**Record excerpts:**

Lemma eq_iter_pend m u w : u =1 w -> iter m pend u =1 iter m pend w.
Proof.
move=> eq_uw; elim: m => [|m IHm] c //=.
by apply: eq_bigr => e _; rewrite IHm.
Qed.

Lemma wdot_pend u w : wdot (pend u) w = wdot u (pend w).
Proof.
rewrite /wdot /pend.
under eq_bigr => c _ do rewrite mulrAC big_distrr big_mkcond.
under [RHS]eq_bigr => c _ do rewrite big_distrr big_mkcond.
rewrite exchange_big; apply: eq_bigr => e _; apply: eq_bigr => c _.
by rewrite eq_sym; case: (c != e); rewrite /= ?mulr0 //; ring.
Qed.

Lemma wdot_iter_pend m n u w :
  wdot (iter m pend u) (iter n pend w) = wdot (iter (m + n) pend u) w.
Proof.
elim: n m => [|n IHn] m; first by rewrite addn0.
by rewrite iterS -wdot_pend -iterS IHn addSnnS.
Qed.

Lemma wdot3_one a b : wdot3 a b one = wdot a b.
Proof. by apply: eq_bigr => c _; rewrite mulr1. Qed.

Lemma wdot3_pend a b w :
  wdot3 a b (pend w) = wdot3 (pend a) b w + wdot w one * wdot a b - wdot a one * wdot b w.
Proof.
rewrite /wdot3; under eq_bigr => c _ do rewrite pendE.
under [in RHS]eq_bigr => c _ do rewrite pendE.
rewrite /wdot [in RHS]mulr_sumr [X in _ = _ - X]mulr_sumr -big_split /= -sumrB.
by apply: eq_bigr => c _; ring.
Qed.

Lemma wdot3_iter_pend a b g h j :
  wdot3 (iter g pend a) (iter h pend b) (iter j pend one) =
  \sum_(0 <= i < j.+1) pathw i * wdot (iter (g + h + j - i) pend a) b
  - \sum_(1 <= i < j.+1)
      wdot (iter (g + i - 1) pend a) one * wdot (iter (h + j - i) pend b) one.
Proof.
elim: j g => [|j IHj] g.
  by rewrite big_nat1 big_geq // subr0 addn0 subn0 mul1r wdot3_one wdot_iter_pend.
rewrite iterS wdot3_pend -iterS IHj !wdot_iter_pend.
have split_last :
    \sum_(0 <= i < j.+2) pathw i * wdot (iter (g + h + j.+1 - i) pend a) b =
    \sum_(0 <= i < j.+1) pathw i * wdot (iter (g.+1 + h + j - i) pend a) b
    + wdot (iter j pend one) one * wdot (iter (g + h) pend a) b.
  rewrite big_nat_recr //=; congr (_ + _); last by rewrite addnS subSS addnK.
  by apply: eq_big_nat => i _; rewrite -addSnnS addSn.
have split_first :
    \sum_(1 <= i < j.+2)
       wdot (iter (g + i - 1) pend a) one * wdot (iter (h + j.+1 - i) pend b) one =
    wdot (iter g pend a) one * wdot (iter (h + j) pend b) one
    + \sum_(1 <= i < j.+1)
       wdot (iter (g.+1 + i - 1) pend a) one * wdot (iter (h + j - i) pend b) one.
  rewrite big_nat_recl // addn1 addnS !subn1 /=; congr (_ + _).
  by apply: eq_big_nat => i _; rewrite !addnS addSn subSS.
by rewrite split_last split_first; ring.
Qed.

End PendantOperator.

Implicit Types (G : graph) (c d : 'I_N).
Local Notation col G := {ffun vert G -> 'I_N}.

Definition Xw G : R := \sum_(k : col G | Defs.proper k) \prod_v x (k v).

Definition Xpin G (v : vert G) c : R :=
  \sum_(k : col G | Defs.proper k && (k v == c)) \prod_(u | u != v) x (k u).

Definition Xpin2 G (r y : vert G) d c : R :=
  \sum_(k : col G | [&& Defs.proper k, k r == d & k y == c]) \prod_(u | u != r) x (k u).

Lemma mul_Xpin G (v : vert G) c :
  x c * Xpin v c = \sum_(k : col G | Defs.proper k && (k v == c)) \prod_u x (k u).
Proof.
rewrite mulr_sumr; apply: eq_bigr => k /andP[_ /eqP <-].
by rewrite [RHS](bigD1 v).
Qed.

Lemma Xw_pin G (v : vert G) : Xw G = \sum_c x c * Xpin v c.
Proof.
rewrite /Xw (partition_big (fun k : col G => k v) predT) //.
by apply: eq_bigr => c _; rewrite mul_Xpin.
Qed.

Lemma Xpin_pin2 G (r y : vert G) d : Xpin r d = \sum_c Xpin2 r y d c.
Proof.
rewrite /Xpin (partition_big (fun k : col G => k y) predT) //.
by apply: eq_bigr => c _; apply: eq_bigl => k; rewrite andbA.
Qed.

Lemma Xpin2_id G (r : vert G) d c : Xpin2 r r d c = (d == c)%:R * Xpin r d.
Proof.
rewrite /Xpin2 /Xpin; have [<-|neq_dc] := eqVneq d c.
  by rewrite mul1r; apply: eq_bigl => k; rewrite andbb.
rewrite mul0r big1 // => k /and3P[_ /eqP krd /eqP krc].
by rewrite -krd krc eqxx in neq_dc.
Qed.

Lemma Xpin_single G (v : vert G) d :
  (forall u, u = v) -> ~~ adj v v -> Xpin v d = 1.
Proof.
move=> all_v nadj_v; rewrite /Xpin (big_pred1 [ffun _ => d]).
  by rewrite big_pred0 // => u; rewrite (all_v u) eqxx.
move=> k /=; apply/andP/eqP => [[_ /eqP kv]|->].
  by apply/ffunP => u; rewrite ffunE (all_v u).
split; last by rewrite ffunE.
by apply/forallP => u; apply/forallP => w; rewrite (all_v u) (all_v w) (negbTE nadj_v).
Qed.

Section Gluing.
Variables A B : rooted_graph.
Local Notation rA := (Defs.root A).
Local Notation rB := (Defs.root B).
Local Notation AB := (glue_graph A B).
Implicit Types (p : col A * col B) (k : col AB).

Lemma inB_root : inB A rB = inA B rA.
Proof. by rewrite /inB insubF //= eqxx. Qed.

Lemma inB_val (z : {y : vert B | y != rB}) : inB A (val z) = inr z.
Proof. by rewrite /inB valK. Qed.

Definition join_col (p : col A * col B) : col AB :=
  [ffun u => match u with inl y => p.1 y | inr z => p.2 (val z) end].

Definition split_col (k : col AB) : col A * col B :=
  ([ffun y => k (inA B y)], [ffun z => k (inB A z)]).

Lemma split_colK : cancel split_col join_col.
Proof. by move=> k; apply/ffunP => -[y|z]; rewrite !ffunE ?inB_val. Qed.

Lemma join_col_inB p z : p.1 rA = p.2 rB -> join_col p (inB A z) = p.2 z.
Proof.
move=> glued; have [->|neq_z] := eqVneq z rB; first by rewrite inB_root ffunE.
by rewrite /inB insubT ffunE.
Qed.

Lemma split_join_colE p : (split_col (join_col p) == p) = (p.1 rA == p.2 rB).
Proof.
case: p => kA kB; rewrite /split_col xpair_eqE /=.
have -> : [ffun y => join_col (kA, kB) (inA B y)] = kA by apply/ffunP => y; rewrite !ffunE.
rewrite eqxx /=; apply/eqP/eqP => [<-|glued].
  by rewrite !ffunE inB_root.
by apply/ffunP => z; rewrite ffunE join_col_inB.
Qed.

Lemma join_colK p : p.1 rA = p.2 rB -> split_col (join_col p) = p.
Proof. by move=> glued; apply/eqP; rewrite split_join_colE glued. Qed.

Lemma proper_glue (k : col AB) :
  Defs.proper k = Defs.proper (split_col k).1 && Defs.proper (split_col k).2.
Proof.
apply/idP/andP => [/forallP Hk|[/forallP HA /forallP HB]].
  split; apply/forallP => y; apply/forallP => z; apply/implyP => adj_yz; rewrite !ffunE.
    have /forallP/(_ (inA B z))/implyP := Hk (inA B y); apply.
    by apply/orP; left; apply/existsP; exists y; apply/existsP; exists z; rewrite !eqxx.
  have /forallP/(_ (inB A z))/implyP := Hk (inB A y); apply.
  by apply/orP; right; apply/existsP; exists y; apply/existsP; exists z; rewrite !eqxx.
apply/forallP => u; apply/forallP => v; apply/implyP.
case/orP=> /existsP[y] /existsP[z] /and3P[/eqP <- /eqP <- adj_yz].
  by have /forallP/(_ z)/implyP/(_ adj_yz) := HA y; rewrite !ffunE.
by have /forallP/(_ z)/implyP/(_ adj_yz) := HB y; rewrite !ffunE.
Qed.

Lemma prod_join_col p :
  \prod_(u : vert AB) x (join_col p u) =
  \prod_(y : vert A) x (p.1 y) * \prod_(z | z != rB) x (p.2 z).
Proof.
rewrite big_sumType /=; congr (_ * _); first by apply: eq_bigr => y _; rewrite ffunE.
rewrite [RHS](reindex_omap (val : {y : vert B | y != rB} -> vert B) insub); last first.
  by move=> z neq_z; rewrite insubT.
apply: eq_big => [[z neq_z]|z _]; first by rewrite /= insubT neq_z /= eqxx.
by rewrite ffunE.
Qed.

Lemma sum_glue_col (F : col AB -> R) :
  \sum_(k : col AB | Defs.proper k) F k =
  \sum_(kA : col A | Defs.proper kA)
     \sum_(kB : col B | Defs.proper kB && (kA rA == kB rB)) F (join_col (kA, kB)).
Proof.
rewrite (reindex_onto join_col split_col); last by move=> k _; rewrite split_colK.
rewrite pair_big_dep; apply: eq_bigl => -[kA kB] /=.
rewrite split_join_colE /=; have [glued|] := eqVneq (kA rA) (kB rB); last by rewrite !andbF.
by rewrite !andbT (proper_glue (join_col _)) join_colK.
Qed.

Lemma mul_Xpin_glue (z : vert B) c :
  x c * @Xpin AB (inB A z) c = \sum_d x d * Xpin rA d * Xpin2 rB z d c.
Proof.
rewrite mul_Xpin big_mkcondr sum_glue_col.
rewrite (partition_big (fun kA : col A => kA rA) predT) //=; apply: eq_bigr => d _.
rewrite mul_Xpin big_distrl /=; apply: eq_bigr => kA /andP[_ /eqP kA_d].
rewrite /Xpin2 big_distrr big_mkcondr /= [RHS]big_mkcondr /=.
apply: eq_bigr => kB _; rewrite kA_d eq_sym.
have [kB_d|] := eqVneq (kB rB) d; last by [].
by rewrite join_col_inB ?kA_d ?kB_d // prod_join_col.
Qed.

Lemma mul_Xpin_glue_root d :
  x d * @Xpin AB (inA B rA) d = x d * Xpin rA d * Xpin rB d.
Proof.
rewrite -inB_root mul_Xpin_glue (bigD1 d) //= Xpin2_id eqxx mul1r big1 ?addr0 //.
by move=> e /negbTE neq_ed; rewrite Xpin2_id neq_ed mul0r mulr0.
Qed.

Lemma Xw_glue : Xw AB = \sum_d x d * Xpin rA d * Xpin rB d.
Proof.
rewrite (@Xw_pin AB (inA B rA)).
by apply: eq_bigr => d _; rewrite mul_Xpin_glue_root.
Qed.

End Gluing.

Section PathExtension.
Variable m : nat.
Implicit Types p : col (P m.+1) * 'I_N.

Definition snoc_col p : col (P m.+2) :=
  [ffun i => if unlift ord_max i is Some j then p.1 j else p.2].

Definition unsnoc_col (k : col (P m.+2)) : col (P m.+1) * 'I_N :=
  ([ffun j => k (lift ord_max j)], k ord_max).

Lemma snoc_col_lift p j : snoc_col p (lift ord_max j) = p.1 j.
Proof. by rewrite ffunE liftK. Qed.

Lemma snoc_col_max p : snoc_col p ord_max = p.2.
Proof. by rewrite ffunE unlift_none. Qed.

Lemma snoc_col0 p : snoc_col p ord0 = p.1 ord0.
Proof.
rewrite -[ord0 in LHS](_ : lift ord_max ord0 = ord0) ?snoc_col_lift //.
exact: val_inj.
Qed.

Lemma unsnoc_colK : cancel unsnoc_col snoc_col.
Proof.
move=> k; apply/ffunP => i; rewrite ffunE.
by case: unliftP => [j ->|->]; rewrite ?ffunE.
Qed.

Lemma snoc_colK : cancel snoc_col unsnoc_col.
Proof.
case=> k e; rewrite /unsnoc_col snoc_col_max; congr (_, _).
by apply/ffunP => j; rewrite ffunE snoc_col_lift.
Qed.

**Aim of the exercise:**
Wherever "implyP" occurs in the records above, copy the line it sits in.

**Response to this task:**
  split; apply/forallP => y; apply/forallP => z; apply/implyP => adj_yz; rewrite !ffunE.
    have /forallP/(_ (inA B z))/implyP := Hk (inA B y); apply.
  have /forallP/(_ (inB A z))/implyP := Hk (inB A y); apply.
apply/forallP => u; apply/forallP => v; apply/implyP.
  by have /forallP/(_ z)/implyP/(_ adj_yz) := HA y; rewrite !ffunE.
by have /forallP/(_ z)/implyP/(_ adj_yz) := HB y; rewrite !ffunE.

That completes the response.